I am looking forward to Apollos Fire doing Bach in February and Mozart's Magic Flute in March. There's also a concert featuring the Theatre of Voices and director Paul Hillier performing Arvo Part's "Creator Spiritus" and music by Guillaume de Machaut, John Dunstable, Kevin Volans and Pelle Gudmundsen Holmgreen.


----------



## Itullian (Aug 27, 2011)

don't feel too bad. i saw JEG do the entire cycle. it was ok. nothing like a real orchestra. many wrong notes rang out. it was fun though.

especially when someones cellphone went off before a start and JEG turned around with the most evil grin you ever saw. :lol:

the lead cellist was fabulous. a little to fleet and sterile for my taste. but a memorable and interesting week it was.

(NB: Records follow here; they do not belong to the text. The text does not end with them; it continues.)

(* For $k\ge2$ the following hold (with the convention $\Gamma_{k,r}(d,j)=0$ if $r<0$, $r>k$ or $d>k$). For $d\ge1$: $\Gamma_{k,r}(d,1)=\Gamma_{k-1,r-1}(d,2)+\Gamma_{k-1,r}(d-1,1)+\Gamma_{k-1,r}(d,2)$, $\Gamma_{k,r}(d,2)=\Gamma_{k-1,r-1}(d,1)+2\Gamma_{k-1,r}(d+1,2)$, $\Gamma_{k,r}(d,3)=\Gamma_{k-1,r-1}(d,4)+2\Gamma_{k-1,r}(d+1,3)$, $\Gamma_{k,r}(d,4)=\Gamma_{k-1,r-1}(d,3)+\Gamma_{k-1,r}(d-1,4)+\Gamma_{k-1,r}(d,3)$. For $d=0$: $\Gamma_{k,r}(0,1)=\Gamma_{k-1,r-1}(0,2)+2\Gamma_{k-1,r}(1,3)$, $\Gamma_{k,r}(0,2)=\Gamma_{k-1,r-1}(0,1)+2\Gamma_{k-1,r}(1,2)$, $\Gamma_{k,r}(0,3)=\Gamma_{k-1,r-1}(0,4)+2\Gamma_{k-1,r}(1,3)$, $\Gamma_{k,r}(0,4)=\Gamma_{k-1,r-1}(0,3)+2\Gamma_{k-1,r}(1,2)$.
   Context: $\mathcal B$ is the $2$-regular Bethe lattice (infinite tree, every node of degree $3$), a metric graph with edges of length $1$; $m(B)$ is the midpoint of edge $B$, $\mathrm{dist}$ the path distance. Each edge has two orientations, $-\vec C$ the opposite of $\vec C$; $\vec C\to\vec D$ means the terminal node of $\vec C$ is the initial node of $\vec D$. A path of length $k\ge1$ from $\vec A$ to $\vec B$ is a tuple $(\vec C_0,\dots,\vec C_k)$ with $\vec C_0=\vec A$, $\vec C_k=\vec B$ and $\vec C_i\to\vec C_{i+1}$ for all $i$; an inversion is an index $i$ with $\vec C_{i+1}=-\vec C_i$. Types of $(\vec A,\vec B)$ with $d=\mathrm{dist}(m(A),m(B))\ge1$: $\vec A$ points toward $B$ if its terminal node lies on the geodesic from $m(A)$ to $m(B)$; $\vec B$ points away from $A$ if its initial node lies on that geodesic. Type 1: $\vec A$ toward, $\vec B$ away; type 2: $\vec A$ toward, $\vec B$ toward $A$; type 3: $\vec A$ away from $B$, $\vec B$ toward $A$; type 4: $\vec A$ away, $\vec B$ away. For $d=0$, types 1 and 3 mean $\vec B=\vec A$, types 2 and 4 mean $\vec B=-\vec A$. $\Gamma_{k,r}(d,j)$ is the number of paths of length $k$ with exactly $r$ inversions from $\vec A$ to $\vec B$, where $(\vec A,\vec B)$ is any pair at distance $d$ of type $j$ (this number depends only on $k,r,d,j$). *)

(* Model of the 2-regular Bethe lattice (3-regular tree):
   the Cayley graph of Z/2 * Z/2 * Z/2, vertices = reduced words over 'I_3
   (no two consecutive letters equal), edges {w, w.g}. *)
From HB Require Import structures.
From mathcomp Require Import all_boot all_order all_algebra.
From Stdlib Require Import ClassicalEpsilon.
Set Implicit Arguments. Unset Strict Implicit. Unset Printing Implicit Defensive.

they sounded just like the recordings.


----------



## Amfibius (Jul 19, 2006)

My sympathy, Alma.


----------



## Almaviva (Aug 13, 2010)

Itullian said:


> don't feel too bad. i saw JEG do the entire cycle. it was ok. nothing like a real orchestra. many wrong notes rang out. it was fun though.
> 
> especially when someones cellphone went off before a start and JEG turned around with the most evil grin you ever saw. :lol:
> 
> ...


Could it be that what seems like wrong notes is the fact that they use period instruments, maybe tuned to a different pitch, and this all may sound unfamiliar to people who have been listening to Beethoven's symphonies for years played by modern orchestras? Just asking, I haven't heard JEG and the ORR play Beethoven (mostly, I've just heard them playing baroque operas and liked them a lot in that repertory), so I don't know.


----------



## kv466 (May 18, 2011)

Same thing happened to me with an Earl Wild performance years ago...had the good tickets, plane reservation and all that good stuff...only to be forced to work at a time when I had already requested off. I was still able to catch him in other situations but even one missed is enough; perhaps one of the instances that drove me to never work for someone again.


----------



## Llyranor (Dec 20, 2010)

Yeah, I bought non-refundable tickets to a concert with Gergiev and the Mariinsky Orchestra for last week, but forgot I was out of town. Missed out on Tchaikovsky's 1st and 6th  Gave them to someone who could appreciate it.


----------